Take the data below and copy exactly the lines starting at the one with "Lemma CD_conj_not_cent P" and finishing at the one with "by rewrite -eI subsetIr in ncPy.", both included.
══ DATA EXTRACT ══
(* Let $G$ be a finite indecomposable group. Then $G$ has Property A if and only if $G$ is Chermak-Delgado simple.
   Context: All groups are finite. A group is indecomposable if it cannot be written as a direct product $H \times K$ with $H \neq 1$ and $K \neq 1$. A group $G$ has Property A if for every non-trivial abelian normal subgroup $A$ of $G$, $|G/C_G(A)| > |A|$. For $H \leq G$, $m_G(H) = |H|\,|C_G(H)|$; $m^*(G) = \max\{ m_G(H) : H \leq G\}$; $\mathcal{CD}(G) = \{ H \leq G : m_G(H) = m^*(G)\}$. $G$ is Chermak-Delgado simple if $\mathcal{CD}(G) = \{1, G\}$. *)

From mathcomp Require Import all_boot all_fingroup.
Set Implicit Arguments. Unset Strict Implicit. Unset Printing Implicit Defensive.
Import GroupScope.
Local Open Scope group_scope.

Section CD.
Variable gT : finGroupType.

(* G is indecomposable: no internal direct decomposition G = H \x K with
   H, K both nontrivial (equivalent to abstract G ~ H x K). *)
Definition indecomposable (G : {group gT}) : Prop :=
  ~ exists H K : {group gT}, [/\ H \x K = G, H :!=: 1 & K :!=: 1].

Definition propertyA (G : {group gT}) : Prop :=
  forall A : {group gT}, A <| G -> abelian A -> A :!=: 1 ->
    #|A| < #|G / 'C_G(A)|.

Definition mG (G H : {group gT}) : nat := #|H| * #|'C_G(H)|.

Definition mstar (G : {group gT}) : nat :=
  \max_(H : {group gT} | H \subset G) mG G H.

Definition CD (G : {group gT}) : {set {group gT}} :=
  [set H : {group gT} | (H \subset G) && (mG G H == mstar G)].

Definition CD_simple (G : {group gT}) : Prop :=
  CD G = [set 1%G; G].

End CD.

(* The measure m(H) = |H||C_G(H)| satisfies m(H) m(K) <= m(H :&: K) m(H <*> K),
   so CD(G) is a lattice closed under conjugation and centralizers, and it
   contains Z(H) = H :&: C_G(H) along with H.  For normal A, Property A reads
   m(A) < |G| = m(1); so the least member of CD(G), being normal and abelian,
   is 1, and m*(G) = |G|.  Then G = X * C_G(X) for every member X, a direct
   product when Z(X) = 1, so such an X is 1 or G; through Z(X) this covers the
   normal members.  A minimal nontrivial member P < G is abelian, and some
   conjugate P^y does not centralize P (otherwise the core of C_G(P) is G and
   P <= Z(G) = 1).  Then D = P P^y is a member with Z(D) <= D :&: C_G(P) = P,
   so Z(D) = 1, D = G, and y in P P^y gives P^y = P. *)

From mathcomp Require Import all_boot all_fingroup all_solvable.
From mathcomp Require Import zify.
Set Implicit Arguments. Unset Strict Implicit. Unset Printing Implicit Defensive.
Import GroupScope.
Local Open Scope group_scope.

Lemma leq_prod_sandwich (M a b p j : nat) : 0 < M -> 0 < j ->
  a <= M -> b <= M -> p <= j -> M * M * j <= p * a * b -> [/\ a = M, b = M & p = j].
Proof.
move=> M_gt0 j_gt0 le_aM le_bM le_pj le_prod.
have le_MM : M * M <= a * b by rewrite -(leq_pmul2r j_gt0); nia.
have [eq_aM eq_bM] : a = M /\ b = M by split; nia.
by rewrite eq_aM eq_bM in le_prod *; split=> //; nia.
Qed.

Section ChermakDelgadoLattice.
Variables (gT : finGroupType) (G : {group gT}).
Implicit Types H K : {group gT}.

Lemma mG_le_mstar H : H \subset G -> mG G H <= mstar G.
Proof. exact: (leq_bigmax_cond (P := fun H : {group gT} => H \subset G)). Qed.

Lemma mG1 : mG G 1 = #|G|.
Proof. by rewrite /mG cards1 mul1n cent1T setIT. Qed.

Lemma CD_subG H : H \in CD G -> H \subset G.
Proof. by rewrite inE => /andP[]. Qed.

Lemma mG_CD H : H \in CD G -> mG G H = mstar G.
Proof. by rewrite inE => /andP[_ /eqP]. Qed.

Lemma CD_nonempty : exists H, H \in CD G.
Proof.
case: (@arg_maxnP _ 1%G (fun H : {group gT} => H \subset G) (mG G) (sub1G G)).
move=> H sHG maxH; exists H; rewrite inE sHG eqn_leq mG_le_mstar //=.
exact/bigmax_leqP.
Qed.

Lemma CDJ H y : H \in CD G -> y \in G -> (H :^ y)%G \in CD G.
Proof.
move=> HCD yG; rewrite inE conj_subG ?CD_subG // -(mG_CD HCD) /mG /=.
by rewrite cardJg centJ -{1}(conjGid yG) -conjIg cardJg.
Qed.

Lemma CD_cent H : H \in CD G -> 'C_G(H)%G \in CD G.
Proof.
move=> HCD; rewrite inE subsetIl eqn_leq mG_le_mstar ?subsetIl //= -(mG_CD HCD).
rewrite /mG mulnC leq_mul2l subset_leq_card ?orbT //=.
by rewrite subsetI (CD_subG HCD) centsC subsetIr.
Qed.

Lemma mG_meet_join H K :
  mG G H * mG G K * #|H <*> K| <= #|H * K| * mG G (H :&: K) * mG G (H <*> K).
Proof.
have sCHK : 'C_G(H) * 'C_G(K) \subset 'C_G(H :&: K).
  by rewrite mul_subG // setIS // centS ?subsetIl ?subsetIr.
have eCY : 'C_G(H) :&: 'C_G(K) = 'C_G(H <*> K).
  by rewrite centY -setIIr.
have := mul_cardG 'C_G(H) 'C_G(K); rewrite eCY /mG => eC.
have eHK := mul_cardG H K.
have leC := subset_leq_card sCHK.
rewrite mulnACA eHK eC /= !mulnA -(mulnA _ #|H <*> K|) (mulnC #|H <*> K|) !mulnA.
by rewrite !leq_mul2r leq_mul2l leC !orbT.
Qed.

Lemma CD_meet_join H K : H \in CD G -> K \in CD G ->
  [/\ (H :&: K)%G \in CD G, (H <*> K)%G \in CD G & H * K = H <*> K].
Proof.
move=> HCD KCD; have sHG := CD_subG HCD; have sKG := CD_subG KCD.
have sIG : H :&: K \subset G by rewrite subIset ?sHG.
have sJG : H <*> K \subset G by rewrite join_subG sHG.
have sHKJ : H * K \subset H <*> K by rewrite mulG_subG joing_subl joing_subr.
have M_gt0 : 0 < mstar G by rewrite -(mG_CD HCD) muln_gt0 !cardG_gt0.
have := mG_meet_join H K; rewrite (mG_CD HCD) (mG_CD KCD).
case/(leq_prod_sandwich M_gt0 (cardG_gt0 (H <*> K)) (mG_le_mstar sIG) (mG_le_mstar sJG)
  (subset_leq_card sHKJ)) => eq_mI eq_mJ eq_pj.
rewrite !inE sIG sJG eq_mI eq_mJ eqxx; split=> //.
by apply/eqP; rewrite eqEcard sHKJ eq_pj /=.
Qed.

Lemma CD_center H : H \in CD G -> 'Z(H)%G \in CD G.
Proof.
move=> HCD; have [ICD _ _] := CD_meet_join HCD (CD_cent HCD).
suff -> : 'Z(H)%G = (H :&: 'C_G(H))%G by [].
by apply: group_inj; rewrite /= setIA (setIidPl (CD_subG HCD)).
Qed.

Section Extremal.
Variable M : {group gT}.
Hypothesis MCD : M \in CD G.

Lemma CD_min_normal : (forall H, H \in CD G -> #|M| <= #|H|) -> M <| G.
Proof.
move=> minM; rewrite /normal (CD_subG MCD); apply/normsP => y yG.
have [ICD _ _] := CD_meet_join MCD (CDJ MCD yG).
have sMMy : M \subset M :^ y by apply/setIidPl/eqP; rewrite eqEcard subsetIl minM.
by apply/eqP; rewrite eq_sym eqEcard sMMy cardJg /=.
Qed.

Lemma CD_min_abelian : (forall H, H \in CD G -> #|M| <= #|H|) -> abelian M.
Proof.
by move=> minM; apply/center_idP/eqP; rewrite eqEcard center_sub minM ?CD_center.
Qed.

Lemma CD_max_in_normal (N : {group gT}) : G \subset 'N(N) -> M \subset N ->
  (forall H, H \in CD G -> H \subset N -> #|H| <= #|M|) -> M <| G.
Proof.
move=> nNG sMN maxM; rewrite /normal (CD_subG MCD); apply/normsP => y yG.
have [_ JCD _] := CD_meet_join MCD (CDJ MCD yG).
have sMyN : M :^ y \subset N by rewrite -(normsP nNG y yG) conjSg.
have sJN : M <*> (M :^ y) \subset N by rewrite join_subG sMN.
have eMJ : M :=: M <*> (M :^ y) by apply/eqP; rewrite eqEcard joing_subl maxM.
by apply/eqP; rewrite eqEcard {2}eMJ joing_subr cardJg /=.
Qed.

End Extremal.

End ChermakDelgadoLattice.

Lemma ltn_card_quotient_cent (gT : finGroupType) (G A : {group gT}) :
  A <| G -> (#|A| < #|G / 'C_G(A)|) = (mG G A < #|G|).
Proof.
move=> nAG; rewrite card_quotient ?normsI ?normG ?norms_cent ?normal_norm //.
by rewrite -(Lagrange (subsetIl G 'C(A))) /mG mulnC ltn_pmul2l ?cardG_gt0.
Qed.

Lemma propertyA_CD_simple (gT : finGroupType) (G : {group gT}) :
  CD_simple G -> propertyA G.
Proof.
move=> CDsimpleG A nAG abA ntA; rewrite ltn_card_quotient_cent //.
have CD1 : 1%G \in CD G by rewrite CDsimpleG !inE eqxx.
have CDG : G \in CD G by rewrite CDsimpleG !inE eqxx orbT.
have mstarG : mstar G = #|G| by rewrite -(mG_CD CD1) mG1.
have cGG1 : #|'C_G(G)| = 1%N.
  have := mG_CD CDG; rewrite mstarG /mG -{2}[#|G|]muln1 => /eqP.
  by rewrite eqn_pmul2l // => /eqP.
have sAG := normal_sub nAG.
rewrite -mstarG ltn_neqAle mG_le_mstar // andbT.
apply: contra ntA => /eqP mA.
have : A \in CD G by rewrite inE sAG mA eqxx.
rewrite CDsimpleG !inE => /orP[// | /eqP eAG].
by move: abA cGG1; rewrite eAG => /setIidPl -> /eqP; rewrite trivg_card1.
Qed.

Section PropertyA.
Variables (gT : finGroupType) (G : {group gT}).
Hypothesis pA : propertyA G.

Lemma CD_normal_abelian_trivial X : X \in CD G -> X <| G -> abelian X -> X :=: 1.
Proof.
move=> XCD nXG abX; apply/eqP; apply: contraTT (mG_le_mstar (sub1G G)) => ntX.
by rewrite -ltnNge mG1 -(mG_CD XCD) -ltn_card_quotient_cent ?pA.
Qed.

Lemma center_propertyA : 'Z(G) = 1.
Proof.
apply/eqP; apply: contraT => ntZ.
have := pA (center_normal G) (center_abelian G) ntZ.
have cGZ : 'C_G('Z(G)) = G by apply/setIidPl; rewrite centsC subsetIr.
by rewrite ltn_card_quotient_cent ?center_normal // /mG cGZ ltnNge leq_pmull.
Qed.

Lemma mstar_propertyA : mstar G = #|G|.
Proof.
have [H HCD] := CD_nonempty G.
have [M MCD minM] := @arg_minnP _ H (mem (CD G)) (fun M : {group gT} => #|M|) HCD.
have M1 := CD_normal_abelian_trivial MCD (CD_min_normal MCD minM) (CD_min_abelian MCD minM).
by rewrite -(mG_CD MCD) (group_inj M1) mG1.
Qed.

Lemma CD1_propertyA : 1%G \in CD G.
Proof. by rewrite inE sub1G mG1 mstar_propertyA eqxx. Qed.

Lemma CDG_propertyA : G \in CD G.
Proof.
by rewrite inE subxx mstar_propertyA /mG -/('Z(G)) center_propertyA cards1 muln1 eqxx.
Qed.

End PropertyA.

Lemma mem_mul_conjGid (gT : finGroupType) (H : {group gT}) y :
  y \in H * H :^ y -> H :^ y = H.
Proof.
case/mulsgP => a b aH bHy def_y.
have eHy : H :^ y = H :^ b by rewrite def_y conjsgM (conjGid aH).
by rewrite eHy conjGid // -(memJ_conjg H b b) conjgE mulKg -eHy.
Qed.

Section Indecomposable.
Variables (gT : finGroupType) (G : {group gT}).
Hypotheses (indG : indecomposable G) (pA : propertyA G).

Lemma CD_center1_trivial_or_full X : X \in CD G -> 'Z(X) = 1 -> X :=: 1 \/ X :=: G.
Proof.
move=> XCD ZX1; have sXG := CD_subG XCD.
have tiXC : X :&: 'C_G(X) = 1 by rewrite setIA (setIidPl sXG).
have eXC : X * 'C_G(X) = G.
  have := mul_cardG X 'C_G(X)%G; rewrite /= tiXC cards1 muln1 -/(mG G X).
  rewrite (mG_CD XCD) (mstar_propertyA pA) => eCG.
  by apply/eqP; rewrite eqEcard mul_subG ?subsetIl //= eCG.
have [X1 | ntX] := eqVneq X 1%G; first by left; rewrite X1.
have [C1 | ntC] := eqVneq 'C_G(X)%G 1%G.
  by right; rewrite -eXC -[X in _ * X]/(gval 'C_G(X)%G) C1 mulg1.
by case: indG; exists X, 'C_G(X)%G; rewrite dprodE ?subsetIr.
Qed.

Lemma CD_normal_trivial_or_full X : X \in CD G -> X <| G -> X :=: 1 \/ X :=: G.
Proof.
move=> XCD nXG; apply: CD_center1_trivial_or_full => //.
apply: (CD_normal_abelian_trivial pA) (CD_center XCD) _ (center_abelian X) => //.
exact: char_normal_trans (center_char X) nXG.
Qed.

Lemma normal_over_CD_full (N P : {group gT}) :
  N <| G -> P \in CD G -> P :!=: 1 -> P \subset N -> N :=: G.
Proof.
move=> nNG PCD ntP sPN.
have PN : (P \in CD G) && (P \subset N) by rewrite PCD.
have [X /andP[XCD sXN] maxX] :=
  @arg_maxnP _ P (fun X : {group gT} => (X \in CD G) && (X \subset N)) (fun X => #|X|) PN.
have nXG : X <| G.
  apply: (CD_max_in_normal XCD (normal_norm nNG) sXN) => H HCD sHN.
  by apply: maxX; rewrite HCD.
case: (CD_normal_trivial_or_full XCD nXG) => [X1 | XG].
  by have := maxX P PN; rewrite X1 cards1 => /card_le1_trivg P1; rewrite P1 eqxx in ntP.
by apply/eqP; rewrite eqEsubset normal_sub //= -XG.
Qed.

Lemma CD_conj_not_cent P : P \in CD G -> P :!=: 1 ->
  exists2 y, y \in G & ~~ (P :^ y \subset 'C_G(P)).
Proof.
move=> PCD ntP; apply/exists_inP; apply: contraT => /exists_inPn cPPG.
have sPcore : P \subset gcore 'C_G(P) G.
  apply/bigcapsP => y yG; rewrite -sub_conjgV.
  by apply: negbNE; apply: cPPG; rewrite groupV.
have ncoreG : gcore 'C_G(P) G <| G.
  by rewrite /normal gcore_norm (subset_trans (gcore_sub _ _)) ?subsetIl.
have coreG := normal_over_CD_full ncoreG PCD ntP sPcore.
have sPZ : P \subset 'Z(G).
  rewrite subsetI (CD_subG PCD) centsC.
  by rewrite (subset_trans _ (subsetIr G 'C(P))) // -{1}coreG gcore_sub.
by case/negP: ntP; rewrite -subG1 -(center_propertyA pA).
Qed.

Section MinimalNontrivialCD.
Variable P : {group gT}.
Hypotheses (PCD : P \in CD G) (ntP : P :!=: 1).
Hypothesis minP : forall X : {group gT}, X \in CD G -> X :!=: 1 -> #|P| <= #|X|.

Lemma minCD_abelian : P \proper G -> abelian P.
Proof.
move=> prP; have [ZP1 | ntZ] := eqVneq 'Z(P)%G 1%G.
  have [P1 | PG] := CD_center1_trivial_or_full PCD (congr1 val ZP1).
    by case/eqP: ntP.
  by move: prP; rewrite properE PG subxx andbF.
by apply/center_idP/eqP; rewrite eqEcard center_sub minP ?CD_center.
Qed.

Lemma minCD_conj_sub_cent y : abelian P -> y \in G -> P :^ y \subset 'C_G(P).
Proof.
move=> abP yG; have sPC : P \subset 'C_G(P) by rewrite subsetI (CD_subG PCD).
apply: contraT => ncPy.
have PyCD := CDJ PCD yG.
have tiPyC : P :^ y :&: 'C_G(P) = 1.
  apply/eqP; apply: contraT => ntI.
  have [ICD _ _] := CD_meet_join PyCD (CD_cent PCD).
  have eI : P :^ y :&: 'C_G(P) = P :^ y.
    by apply/eqP; rewrite eqEcard subsetIl cardJg minP.
  by rewrite -eI subsetIr in ncPy.
have [_ DCD eD] := CD_meet_join PCD PyCD.
set D := P <*> (P :^ y) in DCD eD.
have DC : D :&: 'C_G(P) = P by rewrite -eD -group_modl // tiPyC mulg1.
have sZDP : 'Z(D) \subset P.
  rewrite -DC subsetI center_sub subsetI (subset_trans (center_sub _) (CD_subG DCD)).
  exact: subset_trans (subsetIr _ _) (centS (joing_subl _ _)).
have ZD1 : 'Z(D) = 1.
  apply/eqP; apply: contraT => ntZ.
  have ZDP : 'Z(D) = P by apply/eqP; rewrite eqEcard sZDP minP ?CD_center.
  case/negP: ncPy; rewrite subsetI (CD_subG PyCD) centsC -{1}ZDP.
  exact: subset_trans (subsetIr _ _) (centS (joing_subr _ _)).
have [D1 | DG] := CD_center1_trivial_or_full DCD ZD1.
  by case/negP: ntP; rewrite -subG1 -D1 joing_subl.
have ePy : P :^ y = P by apply: mem_mul_conjGid; rewrite eD (DG : D = G).
by rewrite ePy sPC in ncPy.
Qed.

Lemma minCD_full : P :=: G.
Proof.
apply/eqP; rewrite eqEproper (CD_subG PCD) /=; apply: contraT; rewrite negbK => prP.
have abP := minCD_abelian prP.
have [y yG] := CD_conj_not_cent PCD ntP.
by rewrite minCD_conj_sub_cent.
Qed.

End MinimalNontrivialCD.

Lemma CD_trivial_or_full H : H \in CD G -> H :=: 1 \/ H :=: G.
Proof.
move=> HCD; have [H1 | ntH] := eqVneq H 1%G; first by left; rewrite H1.
have HP : (H \in CD G) && (H :!=: 1) by rewrite HCD ntH.
have [P /andP[PCD ntP] minP] :=
  @arg_minnP _ H (fun X : {group gT} => (X \in CD G) && (X :!=: 1)) (fun X => #|X|) HP.
have PG := minCD_full PCD ntP (fun X XCD ntX => minP X (introT andP (conj XCD ntX))).
right; apply/eqP; rewrite eqEcard (CD_subG HCD) -PG minP //.
Qed.

Lemma CD_simple_propertyA : CD_simple G.
Proof.
apply/setP => H; apply/idP/idP => [HCD | ].
  by apply/set2P; case: (CD_trivial_or_full HCD) => eH; [left | right]; apply: group_inj.
by case/set2P => ->; [exact: CD1_propertyA | exact: CDG_propertyA].
Qed.

End Indecomposable.

Theorem corollary1 (gT : finGroupType) (G : {group gT}) :
  indecomposable G -> (propertyA G <-> CD_simple G).
Proof.
move=> indG; split; first exact: CD_simple_propertyA.
exact: propertyA_CD_simple.
Qed.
═══
== ANSWER TO THIS TASK ==
Lemma CD_conj_not_cent P : P \in CD G -> P :!=: 1 ->
  exists2 y, y \in G & ~~ (P :^ y \subset 'C_G(P)).
Proof.
move=> PCD ntP; apply/exists_inP; apply: contraT => /exists_inPn cPPG.
have sPcore : P \subset gcore 'C_G(P) G.
  apply/bigcapsP => y yG; rewrite -sub_conjgV.
  by apply: negbNE; apply: cPPG; rewrite groupV.
have ncoreG : gcore 'C_G(P) G <| G.
  by rewrite /normal gcore_norm (subset_trans (gcore_sub _ _)) ?subsetIl.
have coreG := normal_over_CD_full ncoreG PCD ntP sPcore.
have sPZ : P \subset 'Z(G).
  rewrite subsetI (CD_subG PCD) centsC.
  by rewrite (subset_trans _ (subsetIr G 'C(P))) // -{1}coreG gcore_sub.
by case/negP: ntP; rewrite -subG1 -(center_propertyA pA).
Qed.

Section MinimalNontrivialCD.
Variable P : {group gT}.
Hypotheses (PCD : P \in CD G) (ntP : P :!=: 1).
Hypothesis minP : forall X : {group gT}, X \in CD G -> X :!=: 1 -> #|P| <= #|X|.

Lemma minCD_abelian : P \proper G -> abelian P.
Proof.
move=> prP; have [ZP1 | ntZ] := eqVneq 'Z(P)%G 1%G.
  have [P1 | PG] := CD_center1_trivial_or_full PCD (congr1 val ZP1).
    by case/eqP: ntP.
  by move: prP; rewrite properE PG subxx andbF.
by apply/center_idP/eqP; rewrite eqEcard center_sub minP ?CD_center.
Qed.

Lemma minCD_conj_sub_cent y : abelian P -> y \in G -> P :^ y \subset 'C_G(P).
Proof.
move=> abP yG; have sPC : P \subset 'C_G(P) by rewrite subsetI (CD_subG PCD).
apply: contraT => ncPy.
have PyCD := CDJ PCD yG.
have tiPyC : P :^ y :&: 'C_G(P) = 1.
  apply/eqP; apply: contraT => ntI.
  have [ICD _ _] := CD_meet_join PyCD (CD_cent PCD).
  have eI : P :^ y :&: 'C_G(P) = P :^ y.
    by apply/eqP; rewrite eqEcard subsetIl cardJg minP.
  by rewrite -eI subsetIr in ncPy.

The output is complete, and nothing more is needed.